Collected data

(* Let $N$ be a non-negative integer and let $c_0,c_1,c_2,c_3,c_4$ be parameters satisfying $c_0+c_1+c_2+c_3+c_4=-2N-3$. For non-negative integers $i,j,k,\ell$ with $i+j\le N$ and $k+\ell\le N$, the Tratnik polynomials of Racah type satisfy \[ \sum_{\substack{x,y\in\mathbb{Z}_{\ge 0}\\ x+y\le N}} \Lambda(x;c_1,c_2;N)\,\Omega(y;c_4,c_0,c_3;N-x)\,T_{i,j}(x,y)\,T_{k,\ell}(x,y)=\delta_{i,k}\,\delta_{j,\ell}\,\Lambda(j;c_4,c_0;N)\,\Omega(i;c_1,c_2,c_3;N-j). \]
   Context: Notation: $(a)_n=a(a+1)\cdots(a+n-1)$, $(a)_0=1$; $c_{ij}=c_i+c_j$, $c_{ijk}=c_i+c_j+c_k$. Parameters are assumed generic, so that no denominator below vanishes. For a non-negative integer $N$ and integers $0\le n,x\le N$ define \[ \Omega(n;c_1,c_2,c_3;N)=\binom{N}{n}(2n+c_{23}+1)\frac{(c_2+1)_n(N+2+c_{123})_n(c_1+1)_{N-n}}{(c_3+1)_n(c_{23}+n+1)_{N+1}}, \] \[ p_n(x;c_1,c_2,c_3;N)=\Omega(n;c_1,c_2,c_3;N)\,{}_4F_3\!\left(\begin{matrix}-n,\ n+c_{23}+1,\ -x,\ x+c_{12}+1\\ c_2+1,\ N+2+c_{123},\ -N\end{matrix};1\right), \] (the ${}_4F_3$ series being the terminating sum over $0\le s\le\min(n,x)$), and \[ \Lambda(x;c_1,c_2;N)=(-1)^x\binom{N}{x}(2x+c_{12}+1)\frac{(c_2+1)_x}{(c_1+1)_x(x+c_{12}+1)_{N+1}}. \] With $c_0+c_1+c_2+c_3+c_4=-2N-3$, the Tratnik polynomials of Racah type are, for non-negative integers $i,j,x,y$ with $i+j\le N$, $x+y\le N$, \[ T_{i,j}(x,y)=T_{i,j}(x,y;c_1,c_2,c_3,c_4;N)=p_i(x;c_1,c_2,c_3;N-j)\,p_j(y;c_3,c_0,c_4;N-x). \] *)

From HB Require Import structures.
From mathcomp Require Import all_boot all_order all_algebra.
Set Implicit Arguments. Unset Strict Implicit. Unset Printing Implicit Defensive.
Import Order.TTheory GRing.Theory Num.Theory.
Local Open Scope ring_scope.

Definition poch {R : numFieldType} (a : R) (n : nat) : R :=
  \prod_(k < n) (a + k%:R).

(* Omega(n; c1,c2,c3; N).  For n > N, 'C(N,n) = 0 (and N - n truncates). *)
Definition Omega {R : numFieldType} (n : nat) (c1 c2 c3 : R) (N : nat) : R :=
  'C(N, n)%:R * (2 * n%:R + c2 + c3 + 1) *
  (poch (c2 + 1) n * poch (N%:R + 2 + c1 + c2 + c3) n * poch (c1 + 1) (N - n)) /
  (poch (c3 + 1) n * poch (c2 + c3 + n%:R + 1) N.+1).

(* Terminating 4F3( -n, n+c23+1, -x, x+c12+1 ; c2+1, N+2+c123, -N ; 1 ),
   summed over 0 <= s <= min(n, x). *)
Definition F43 {R : numFieldType} (n x : nat) (c1 c2 c3 : R) (N : nat) : R :=
  \sum_(s < (minn n x).+1)
    (poch (- n%:R) s * poch (n%:R + c2 + c3 + 1) s *
     poch (- x%:R) s * poch (x%:R + c1 + c2 + 1) s) /
    (poch (c2 + 1) s * poch (N%:R + 2 + c1 + c2 + c3) s *
     poch (- N%:R) s * (s`!)%:R).

Definition racah_p {R : numFieldType} (n x : nat) (c1 c2 c3 : R) (N : nat) : R :=
  Omega n c1 c2 c3 N * F43 n x c1 c2 c3 N.

Definition Lambda {R : numFieldType} (x : nat) (c1 c2 : R) (N : nat) : R :=
  (-1) ^+ x * 'C(N, x)%:R * (2 * x%:R + c1 + c2 + 1) * poch (c2 + 1) x /
  (poch (c1 + 1) x * poch (x%:R + c1 + c2 + 1) N.+1).

(* Tratnik polynomial T_{i,j}(x,y; c1,c2,c3,c4; N); c0 is the parameter
   determined by c0 + ... + c4 = -2N-3, passed explicitly. *)
Definition tratnik {R : numFieldType} (i j x y : nat) (c0 c1 c2 c3 c4 : R)
  (N : nat) : R :=
  racah_p i x c1 c2 c3 (N - j) * racah_p j y c3 c0 c4 (N - x).

(* Genericity: every linear form that occurs (shifted) in a denominator of the
   formulas above is nonzero for all shifts m = 1, ..., 2N+1. *)
Definition generic {R : numFieldType} (c0 c1 c2 c3 c4 : R) (N : nat) : Prop :=
  forall m : nat, (1 <= m <= 2 * N + 1)%N ->
    c0 + m%:R != 0 /\ c1 + m%:R != 0 /\ c2 + m%:R != 0 /\ c3 + m%:R != 0 /\
    c4 + m%:R != 0 /\
    c0 + c3 + m%:R != 0 /\ c2 + c3 + m%:R != 0 /\ c0 + c4 + m%:R != 0 /\
    c1 + c2 + m%:R != 0 /\
    c1 + c2 + c3 + m%:R != 0 /\ c0 + c3 + c4 + m%:R != 0.

From HB Require Import structures.
From mathcomp Require Import all_boot all_order all_algebra.
From mathcomp Require Import ring zify.
Import Order.TTheory GRing.Theory Num.Theory.
Local Open Scope ring_scope.
Set Implicit Arguments. Unset Strict Implicit. Unset Printing Implicit Defensive.

(* For fixed x, the sum over y is the orthogonality relation of the
   one-variable Racah polynomials p_j(y; c3, c0, c4; N - x).  What is left is
   the weight Lambda(x; c1, c2; N) Omega(j; c3, c0, c4; N - x), which, because
   c0 + ... + c4 = -2N-3, equals Lambda(j; c4, c0; N) Omega(x; c3, c2, c1; N - j);
   so the sum over x is the orthogonality relation of p_i(x; c1, c2, c3; N - j).
   The one-variable relation off the diagonal comes from the second-order
   difference equation in x satisfied by the 4F3, whose eigenvalues
   n (n + c2 + c3 + 1) separate the degrees, and summation by parts.  The norm
   comes from the self-duality n <-> x of the 4F3, which reduces it to the
   evaluation sum_n Omega(n; c1, c2, c3; M) = (c1 + c2 + 2)_M / (c3 + 1)_M,
   proved by a WZ telescoping in M. *)

Lemma subst_neq0 (V : nmodType) (x y : V) : y = x -> y != 0 -> x != 0.
Proof. by move=> ->. Qed.

Ltac shifted_neq0 gen m :=
  apply: (subst_neq0 _ (gen m _)); [rewrite ?natrD ?natrM; ring | lia].

Ltac neq0_side :=
  repeat (apply/andP; split); try assumption;
  try match goal with
  | |- is_true ((?n)`!%:R != 0) => by rewrite pnatr_eq0 -lt0n fact_gt0
  | H : is_true (?y != 0) |- is_true (?x != 0) =>
      rewrite (_ : x = y); [exact H | ring]
  end.

Section Pochhammer.
Variable R : numFieldType.
Implicit Types (a : R) (m n : nat).

Lemma poch0 a : poch a 0 = 1.
Proof. by rewrite /poch big_ord0. Qed.

Lemma pochS a n : poch a n.+1 = poch a n * (a + n%:R).
Proof. by rewrite /poch big_ord_recr. Qed.

Lemma pochSl a n : poch a n.+1 = a * poch (a + 1) n.
Proof.
rewrite /poch big_ord_recl /= addr0; congr (_ * _).
by apply: eq_bigr => k _; rewrite /bump /= -addn1 natrD addrA.
Qed.

Lemma poch1 a : poch a 1 = a.
Proof. by rewrite pochS poch0 mul1r addr0. Qed.

Lemma poch_succ a n : a != 0 -> poch (a + 1) n = poch a n * (a + n%:R) / a.
Proof. by move=> a0; rewrite -pochS pochSl mulrAC mulfV // mul1r. Qed.

Lemma pochD a m n : poch a (m + n) = poch a m * poch (a + m%:R) n.
Proof.
elim: n => [|n IH]; first by rewrite addn0 poch0 mulr1.
by rewrite addnS !pochS IH natrD addrA mulrA.
Qed.

Lemma poch_neq0 a n : (forall k, (k < n)%N -> a + k%:R != 0) -> poch a n != 0.
Proof. by move=> nz; apply/prodf_neq0 => k _; apply: nz. Qed.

→ PROBLEM
Would you print exactly, and only, the lines of the data above from the line with "so the sum over" through the line with "evaluation sum_n Omega(n;", inclusive?

→ FINISHED TASK
   so the sum over x is the orthogonality relation of p_i(x; c1, c2, c3; N - j).
   The one-variable relation off the diagonal comes from the second-order
   difference equation in x satisfied by the 4F3, whose eigenvalues
   n (n + c2 + c3 + 1) separate the degrees, and summation by parts.  The norm
   comes from the self-duality n <-> x of the 4F3, which reduces it to the
   evaluation sum_n Omega(n; c1, c2, c3; M) = (c1 + c2 + 2)_M / (c3 + 1)_M,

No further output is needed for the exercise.